Building on frameworks from the 2000s, scholars significantly reframed the theoretical understanding of privatization's impact. Rather than viewing this as the death of public space—as argued in early critiques—researchers conceptualized it as a transformation in form and function requiring new analytical approaches (Carmona and Wunderlich 2012; Carmona 2022). This theoretical shift was reinforced by empirical research, much of it originating from doctoral dissertations that later evolved into multiple journal publications. Together, these studies demonstrate how POPS’ success depends on a network of interrelated design, management, and contextual factors (Yu 2013; Huang 2014; Leclercq 2018; Jian 2021; Mohammadi 2021; Bjerkeset 2021). Moreover, the assessment methodologies for POPS have become increasingly advanced and empirically grounded, including more criteria and indexes specific to POPS than borrowing from other types of public spaces frameworks. Németh and Schmidt (2011) enhanced their earlier quantitative framework for measuring publicness in privatized spaces. Several scholars have expanded upon these evaluation approaches. For example, Langstraat and van Melik (2013) developed the OMAI model (Ownership, Management, Accessibility, and Inclusiveness) to systematically evaluate POPS. Lopes, Cruz and Pinho (2020) developed the Publicness Evaluation Model (PEM), integrating multiple dimensions and incorporating urban life, physical design, human connection, and management practices.

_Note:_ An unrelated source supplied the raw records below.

(* Let $G$ be a Carnot group with left-invariant (sub-)Riemannian metric $d$ defined by the left-invariant distribution $D$ with $D(e)=V$ and a left-invariant inner product $\langle\cdot,\cdot\rangle$ on $D$. If $G$ is non-commutative, write $\mathfrak{g}=\bigoplus_{k=1}^{l}\mathfrak{g}_k$ for the grading with $\mathfrak{g}_1=V$, $l\ge 2$, and take the left-invariant rigging $D^{\perp}$ with $D^{\perp}(e)=\bigoplus_{k=2}^{l}\mathfrak{g}_k$. Then $(G,d)$ has zero curvatures (Riemannian curvatures if $G$ is commutative, and Solov'ev sectional, Ricci and scalar curvatures of $(D,\langle\cdot,\cdot\rangle)$ with respect to $D^{\perp}$ otherwise).
   Context: A Carnot group is a Lie group $G$ with Lie algebra $\mathfrak{g}$ equipped with a one-parameter multiplicative group of automorphisms $\delta_s$, $s>0$, such that $V=\{v\in\mathfrak{g}: d\delta_s(v)=sv\}$ generates $\mathfrak{g}$ as a Lie algebra; then $\mathfrak{g}$ is graded nilpotent, $\mathfrak{g}=\bigoplus_{k=1}^l\mathfrak{g}_k$ with $\mathfrak{g}_1=V$ and $[\mathfrak{g}_i,\mathfrak{g}_j]\subset\mathfrak{g}_{i+j}$. Solov'ev curvatures: choose a left-invariant Riemannian metric $(\cdot,\cdot)$ with $(\cdot,\cdot)|_D=\langle\cdot,\cdot\rangle$ and $(D,D^\perp)=0$; let $\nabla$ be its Levi-Civita connection, $H,V$ the projections onto $D,D^\perp$, $\overline{\nabla}_XY=H\nabla_X(HY)+V\nabla_X(VY)$, $T$ its torsion and $\overline{R}$ its curvature. For $X,Y,Z,W$ tangent to $D$, $(K(X,Y)Z,W)=(\overline{R}(X,Y)Z,W)-\tfrac12(T(X,Y),T(Z,W))$; sectional curvature $K_{uv}=(K(u,v)v,u)/(\|u\|^2\|v\|^2-(u,v)^2)$ for non-collinear $u,v\in D(p)$, Ricci and scalar curvatures are the corresponding sums over orthonormal bases of $D(p)$. *)

(* Carnot groups are treated through their Lie algebras:
   all objects in the statement (distribution, rigging, metric, connections,
   curvatures) are left-invariant, hence determined by their values on the
   Lie algebra g = T_e G, which we model as 'rV[R]_n with a Lie bracket. *)
From HB Require Import structures.
From mathcomp Require Import all_boot all_order all_algebra.
From mathcomp Require Import reals.
Unset Printing Implicit Defensive.
Import Order.TTheory GRing.Theory Num.Theory.
Local Open Scope ring_scope.

Section Defs.
Variables (R : realType) (n : nat).
Notation vec := 'rV[R]_n.

Definition lie_bracket (br : vec -> vec -> vec) : Prop :=
  [/\ (forall a x y z, br (a *: x + y) z = a *: br x z + br y z),
      (forall x y, br x y = - br y x) &
      (forall x y z, br x (br y z) + br y (br z x) + br z (br x y) = 0)].

Definition stratification (br : vec -> vec -> vec) (l : nat) (g : nat -> 'M[R]_n) : Prop :=
  (0 < l)%N /\
  [/\ mxdirect (\sum_(1 <= k < l.+1) g k)%MS,
      (\sum_(1 <= k < l.+1) g k == 1%:M)%MS,
      (forall k, (l < k)%N -> g k = 0),
      (forall i j x y, (0 < i)%N -> (0 < j)%N ->
          (x <= g i)%MS -> (y <= g j)%MS -> (br x y <= g (i + j)%N)%MS) &
      (forall W : 'M[R]_n, (g 1%N <= W)%MS ->
          (forall x y, (x <= W)%MS -> (y <= W)%MS -> (br x y <= W)%MS) ->
          (1%:M <= W)%MS)].

Definition inner_product_on (U : 'M[R]_n) (b : vec -> vec -> R) : Prop :=
  [/\ (forall a x y z, b (a *: x + y) z = a * b x z + b y z),
      (forall x y, b x y = b y x) &
      (forall x, (x <= U)%MS -> x != 0 -> 0 < b x x)].

(* Levi-Civita connection of the left-invariant metric m, evaluated on
   left-invariant vector fields: torsion free and metric *)
Definition levi_civita (br : vec -> vec -> vec) (m : vec -> vec -> R)
  (nab : vec -> vec -> vec) : Prop :=
  (forall x y, nab x y - nab y x = br x y) /\
  (forall x y z, m (nab x y) z + m y (nab x z) = 0).

Definition riem_curv (br : vec -> vec -> vec) (nab : vec -> vec -> vec) (x y z : vec) : vec :=
  nab x (nab y z) - nab y (nab x z) - nab (br x y) z.

Definition projection_along (U Dp : 'M[R]_n) (H : vec -> vec) : Prop :=
  forall x, (H x <= U)%MS /\ (x - H x <= Dp)%MS.

(* nabla-bar X Y = H nab_X (H Y) + V nab_X (V Y), with V = id - H *)
Definition nabbar (H : vec -> vec) (nab : vec -> vec -> vec) (x y : vec) : vec :=
  H (nab x (H y)) + (nab x (y - H y) - H (nab x (y - H y))).

Definition torsion (br : vec -> vec -> vec) (H : vec -> vec) (nab : vec -> vec -> vec)
  (x y : vec) : vec :=
  nabbar H nab x y - nabbar H nab y x - br x y.

Definition solovev_form (br : vec -> vec -> vec) (m : vec -> vec -> R)
  (H : vec -> vec) (nab : vec -> vec -> vec) (x y z w : vec) : R :=
  m (riem_curv br (nabbar H nab) x y z) w
  - 2^-1 * m (torsion br H nab x y) (torsion br H nab z w).

(* generic sectional / Ricci / scalar curvatures of a (0,4)-form
   Kf x y z w = (K(x,y)z, w) on the subspace U with inner product m *)
Definition noncollinear (u v : vec) : Prop := \rank (col_mx u v) = 2%N.

Definition sectional (m : vec -> vec -> R) (Kf : vec -> vec -> vec -> vec -> R) (u v : vec) : R :=
  Kf u v v u / (m u u * m v v - (m u v) ^+ 2).

Definition orthonormal_basis (U : 'M[R]_n) (m : vec -> vec -> R) (e : 'I_(\rank U) -> vec) : Prop :=
  (forall i, (e i <= U)%MS) /\ (forall i j, m (e i) (e j) = (i == j)%:R).

Definition ricci (U : 'M[R]_n) (Kf : vec -> vec -> vec -> vec -> R) (e : 'I_(\rank U) -> vec)
  (x y : vec) : R :=
  \sum_i Kf (e i) x y (e i).

Definition scalar_curv (U : 'M[R]_n) (Kf : vec -> vec -> vec -> vec -> R) (e : 'I_(\rank U) -> vec) : R :=
  \sum_j ricci U Kf e (e j) (e j).

Definition zero_curvatures (U : 'M[R]_n) (m : vec -> vec -> R)
  (Kf : vec -> vec -> vec -> vec -> R) : Prop :=
  [/\ (forall u v, (u <= U)%MS -> (v <= U)%MS -> noncollinear u v -> sectional m Kf u v = 0),
      (forall e, orthonormal_basis U m e ->
          forall x y, (x <= U)%MS -> (y <= U)%MS -> ricci U Kf e x y = 0) &
      (forall e, orthonormal_basis U m e -> scalar_curv U Kf e = 0)].

End Defs.

Arguments lie_bracket {R n}.
Arguments stratification {R n}.
Arguments inner_product_on {R n}.
Arguments levi_civita {R n}.
Arguments riem_curv {R n}.
Arguments projection_along {R n}.
Arguments nabbar {R n}.
Arguments torsion {R n}.
Arguments solovev_form {R n}.
Arguments noncollinear {R n}.
Arguments sectional {R n}.
Arguments orthonormal_basis {R n}.
Arguments ricci {R n}.
Arguments scalar_curv {R n}.
Arguments zero_curvatures {R n}.

(* All structures are left-invariant, so the Koszul formula computes the
   Levi-Civita connection from brackets alone.  If g is abelian, g_1 generates
   g = g_1 and the connection vanishes.  Otherwise, for X, Y, Z, W in g_1 the
   brackets [X,Y] and [[X,Y],Z] lie in the rigging g_2 (+) ... (+) g_l, which is
   orthogonal to g_1.  Hence the horizontal part of nabla_X Y vanishes, nabla-bar
   is zero on horizontal fields, and (Rbar(X,Y)Z, W) = -(nabla_[X,Y] Z, W)
   = -1/2 ([W,Z],[X,Y]) by Koszul, while T(X,Y) = -[X,Y].  The correction
   -1/2 (T(X,Y),T(Z,W)) = 1/2 ([W,Z],[X,Y]) cancels it exactly. *)
From HB Require Import structures.
From mathcomp Require Import all_boot all_order all_algebra.
From mathcomp Require Import reals.
From mathcomp Require Import lra.
Set Implicit Arguments.
Unset Strict Implicit.
Import Order.TTheory GRing.Theory Num.Theory.
Local Open Scope ring_scope.

Section BilinearForm.
Variables (R : realType) (n : nat) (m : 'rV[R]_n -> 'rV[R]_n -> R).
Hypothesis mlin : forall a x y z, m (a *: x + y) z = a * m x z + m y z.
Hypothesis msym : forall x y, m x y = m y x.

Lemma formDl x y z : m (x + y) z = m x z + m y z.
Proof. by have := mlin 1 x y z; rewrite scale1r mul1r. Qed.

Lemma form0l z : m 0 z = 0.
Proof. by have := formDl 0 0 z; rewrite addr0 => h; lra. Qed.

Lemma formNl x z : m (- x) z = - m x z.
Proof. by have := formDl x (- x) z; rewrite subrr form0l => h; lra. Qed.

Lemma formNr x z : m z (- x) = - m z x.
Proof. by rewrite msym formNl msym. Qed.

Lemma formBl x y z : m (x - y) z = m x z - m y z.
Proof. by rewrite formDl formNl. Qed.

Lemma form_anisotropic (U : 'M[R]_n) :
  (forall x, (x <= U)%MS -> x != 0 -> 0 < m x x) ->
  forall v, (v <= U)%MS -> m v v = 0 -> v = 0.
Proof.
move=> mpos v vU vv0; apply/eqP; apply: contraT => v_neq0.
by have := mpos v vU v_neq0; rewrite vv0 ltxx.
Qed.

Section LeviCivita.
Variables (br : 'rV[R]_n -> 'rV[R]_n -> 'rV[R]_n) (nab : 'rV[R]_n -> 'rV[R]_n -> 'rV[R]_n).
Hypothesis LC : levi_civita br m nab.

Lemma koszul x y z :
  2 * m (nab x y) z = m (br x y) z + m (br z y) x - m (br x z) y.
Proof.
case: LC => torsion_free metric.
rewrite -!torsion_free !formBl.
have := metric x y z; have := metric z x y; have := metric y z x.
rewrite (msym y (nab x z)) (msym x (nab z y)) (msym z (nab y x)); lra.
Qed.

Hypothesis maniso : forall v, m v v = 0 -> v = 0.

Lemma levi_civita_x0 x : nab x 0 = 0.
Proof. by apply: maniso; have := LC.2 x 0 (nab x 0); rewrite form0l addr0. Qed.

Lemma levi_civita_abelian : (forall x y, br x y = 0) -> forall x y, nab x y = 0.
Proof.
move=> br0 x y; apply: maniso.
by have := koszul x y (nab x y); rewrite !br0 !form0l; lra.
Qed.

Section Rigging.
Variables (U Dp : 'M[R]_n) (H : 'rV[R]_n -> 'rV[R]_n).
Hypothesis orth : forall x y, (x <= U)%MS -> (y <= Dp)%MS -> m x y = 0.
Hypothesis HP : projection_along U Dp H.

Lemma proj_id x : (x <= U)%MS -> H x = x.
Proof.
move=> xU; have [HxU xHxDp] := HP x; apply/eqP; rewrite eq_sym -subr_eq0.
apply/eqP/maniso/orth => //.
by rewrite addmx_sub // eqmx_opp.
Qed.

Lemma proj0 : H 0 = 0.
Proof. exact/proj_id/sub0mx. Qed.

Lemma form_projl v w : (w <= U)%MS -> m (H v) w = m v w.
Proof.
move=> wU; have [_ vHvDp] := HP v.
by rewrite -[in RHS](subrK (H v) v) formDl (msym (v - H v)) (orth wU vHvDp) add0r.
Qed.

Lemma nabbar_horizontal x y : (y <= U)%MS -> nabbar H nab x y = H (nab x y).
Proof.
by move=> yU; rewrite /nabbar (proj_id yU) subrr levi_civita_x0 proj0 subrr addr0.
Qed.

Lemma nabbar_x0 x : nabbar H nab x 0 = 0.
Proof. by rewrite nabbar_horizontal ?sub0mx // levi_civita_x0 proj0. Qed.

Lemma koszul_horizontal x z w : (z <= U)%MS -> (w <= U)%MS ->
  (br x z <= Dp)%MS -> (br x w <= Dp)%MS -> 2 * m (nab x z) w = m (br w z) x.
Proof.
move=> zU wU xzDp xwDp.
rewrite koszul (msym (br x z)) (msym (br x w)).
by rewrite (orth wU xzDp) (orth zU xwDp); lra.
Qed.

Hypothesis brN : forall x y, br x y = - br y x.
Hypothesis bracket_rigging : forall x y, (x <= U)%MS -> (y <= U)%MS -> (br x y <= Dp)%MS.
Hypothesis bracket2_rigging : forall x y z, (x <= U)%MS -> (y <= U)%MS -> (z <= U)%MS ->
  (br (br x y) z <= Dp)%MS.

Lemma nabbar_horizontal0 a b : (a <= U)%MS -> (b <= U)%MS -> nabbar H nab a b = 0.
Proof.
move=> aU bU; rewrite nabbar_horizontal //; set u := H (nab a b).
have uU : (u <= U)%MS by case: (HP (nab a b)).
apply: maniso; rewrite [in LHS]form_projl //.
have := koszul_horizontal bU uU (bracket_rigging aU bU) (bracket_rigging aU uU).
by rewrite (msym (br u b)) (orth aU (bracket_rigging uU bU)); lra.
Qed.

Lemma torsion_horizontal x y : (x <= U)%MS -> (y <= U)%MS ->
  torsion br H nab x y = - br x y.
Proof.
by move=> xU yU; rewrite /torsion !nabbar_horizontal0 // subrr sub0r.
Qed.

Lemma riem_curv_nabbar_horizontal x y z :
  (x <= U)%MS -> (y <= U)%MS -> (z <= U)%MS ->
  riem_curv br (nabbar H nab) x y z = - H (nab (br x y) z).
Proof.
move=> xU yU zU; rewrite /riem_curv (nabbar_horizontal0 yU zU).
by rewrite (nabbar_horizontal0 xU zU) !nabbar_x0 subrr sub0r nabbar_horizontal.
Qed.

Lemma solovev_form_horizontal0 x y z w :
  (x <= U)%MS -> (y <= U)%MS -> (z <= U)%MS -> (w <= U)%MS ->
  solovev_form br m H nab x y z w = 0.
Proof.
move=> xU yU zU wU.
rewrite /solovev_form riem_curv_nabbar_horizontal // !torsion_horizontal //.
rewrite formNl form_projl // formNl formNr opprK.
have := koszul_horizontal zU wU (bracket2_rigging xU yU zU) (bracket2_rigging xU yU wU).
by rewrite (brN w z) formNl (msym (br z w)); lra.
Qed.

End Rigging.
End LeviCivita.
End BilinearForm.

Lemma zero_curvatures_of_form0 (R : realType) (n : nat) (U : 'M[R]_n)
    (m : 'rV[R]_n -> 'rV[R]_n -> R) (Kf : 'rV[R]_n -> 'rV[R]_n -> 'rV[R]_n -> 'rV[R]_n -> R) :
  (forall x y z w, (x <= U)%MS -> (y <= U)%MS -> (z <= U)%MS -> (w <= U)%MS ->
     Kf x y z w = 0) ->
  zero_curvatures U m Kf.
Proof.
move=> K0; split.
- by move=> u v uU vU _; rewrite /sectional K0 // mul0r.
- by move=> e [eU _] x y xU yU; rewrite /ricci big1 // => i _; apply: K0.
- move=> e [eU _]; rewrite /scalar_curv big1 // => j _.
  by rewrite /ricci big1 // => i _; apply: K0.
Qed.

Section Stratification.
Variables (R : realType) (n : nat) (br : 'rV[R]_n -> 'rV[R]_n -> 'rV[R]_n).
Variables (l : nat) (g : nat -> 'M[R]_n).
Hypothesis strat : stratification br l g.

Lemma stratification_abelian : (forall x y, br x y = 0) -> forall x : 'rV[R]_n, (x <= g 1%N)%MS.
Proof.
case: strat => _ [_ _ _ _ generates] br0 x.
apply: submx_trans (submx1 x) _; apply: generates => // a b _ _.
by rewrite br0; apply: sub0mx.
Qed.

Lemma stratum_sub_sum a k : (a <= k)%N -> (g k <= \sum_(a <= i < l.+1) g i)%MS.
Proof.
case: strat => _ [_ _ g_gt_l _ _] ak; have [kl | lk] := leqP k l; last first.
  by rewrite g_gt_l //; apply: sub0mx.
by rewrite big_geq_mkord; apply: (sumsmx_sup (Ordinal (kl : (k < l.+1)%N))).
Qed.

Lemma stratification_bracket_sub a i j x y : (0 < i)%N -> (0 < j)%N -> (a <= i + j)%N ->
  (x <= g i)%MS -> (y <= g j)%MS -> (br x y <= \sum_(a <= k < l.+1) g k)%MS.
Proof.
case: strat => _ [_ _ _ graded _] i0 j0 aij xg yg.
exact: submx_trans (graded i j x y i0 j0 xg yg) (stratum_sub_sum aij).
Qed.

End Stratification.

Theorem corollary2 (R : realType) (n : nat) (br : 'rV[R]_n -> 'rV[R]_n -> 'rV[R]_n)
  (l : nat) (g : nat -> 'M[R]_n) (ip : 'rV[R]_n -> 'rV[R]_n -> R) :
  lie_bracket br -> stratification br l g -> inner_product_on (g 1%N) ip ->
  (* commutative case: Riemannian curvatures of <,> vanish *)
  ((forall x y, br x y = 0) ->
     forall nab, levi_civita br ip nab ->
     zero_curvatures (g 1%N) ip
       (fun x y z w => ip (riem_curv br nab x y z) w))
  /\
  (* non-commutative case: Solov'ev curvatures w.r.t. the rigging
     D^perp(e) = g_2 (+) ... (+) g_l vanish, for any admissible metric *)
  (~ (forall x y, br x y = 0) ->
     forall (m : 'rV[R]_n -> 'rV[R]_n -> R),
     inner_product_on 1%:M m ->
     (forall x y, (x <= g 1%N)%MS -> (y <= g 1%N)%MS -> m x y = ip x y) ->
     (forall x y, (x <= g 1%N)%MS -> (y <= (\sum_(2 <= k < l.+1) g k))%MS -> m x y = 0) ->
     forall nab, levi_civita br m nab ->
     forall H, projection_along (g 1%N) (\sum_(2 <= k < l.+1) g k)%MS H ->
     zero_curvatures (g 1%N) m (solovev_form br m H nab)).
Proof.
move=> [_ brN _] strat [iplin ipsym ippos]; split.
- move=> br0 nab LC; apply: zero_curvatures_of_form0 => x y z w _ _ _ _.
  have ip_aniso v : ip v v = 0 -> v = 0.
    exact: (form_anisotropic ippos (stratification_abelian strat br0 v)).
  rewrite /riem_curv !(levi_civita_abelian iplin ipsym LC ip_aniso br0).
  by rewrite !subrr (form0l iplin).
- move=> _ m [mlin msym mpos] _ orth nab LC H HP.
  have m_aniso v : m v v = 0 -> v = 0.
    exact: (form_anisotropic mpos (submx1 v)).
  apply: zero_curvatures_of_form0 => x y z w xU yU zU wU.
  apply: (solovev_form_horizontal0 mlin msym LC m_aniso orth HP brN) => //.
  + by move=> a b aU bU; apply: (stratification_bracket_sub strat (i:=1) (j:=1)).
  + move=> a b c aU bU cU; apply: (stratification_bracket_sub strat (i:=2) (j:=1)) => //.
    by case: strat => _ [_ _ _ graded _]; apply: (graded 1%N 1%N).
Qed.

POPS research in this period began to examine a wider range of urban and geographic contexts, with more studies in Asia, Europe, and Australia. Asian scholarship revealed distinctive typologies, challenges, and solutions for POPSs based on different local contexts. Several studies in Asian cities (Dimmer 2012; Xing 2013; Yu 2013; Lee 2022b) documented how their extremely high density and land scarcity led to diverse POPS solutions. For instance, Rossini and Yiu (2021) examined how extreme density necessitates POPS-related solutions like elevated walkways. Also, Jian, Chan and Yao (2021) identified distinct typologies supporting differing use patterns. Another emergent area of analysis during this period was the role of information. Jian, Chan and Yao (2021) highlighted how information access problems can hinder POPS’ effectiveness as much as physical design issues, and demonstrated that lack of knowledge about locations, access rights, and amenities leads to underutilization, particularly among disadvantaged groups. Several studies revealed that POPS’ exclusion and underuse often result not from design deficiencies but from a lack of knowledge about POPS as a type of public space. Lee (2022a) identified a lack of public awareness about POPSs in Seoul and about their accessibility for public uses. Mohammadi (2021) also observed the same lack of information about the types, benefits, and public rights in Melbourne POPSs. Huang and Franck (2018) demonstrate how transparent management and clear communication about public access rights create more inclusive spaces in Manhattan.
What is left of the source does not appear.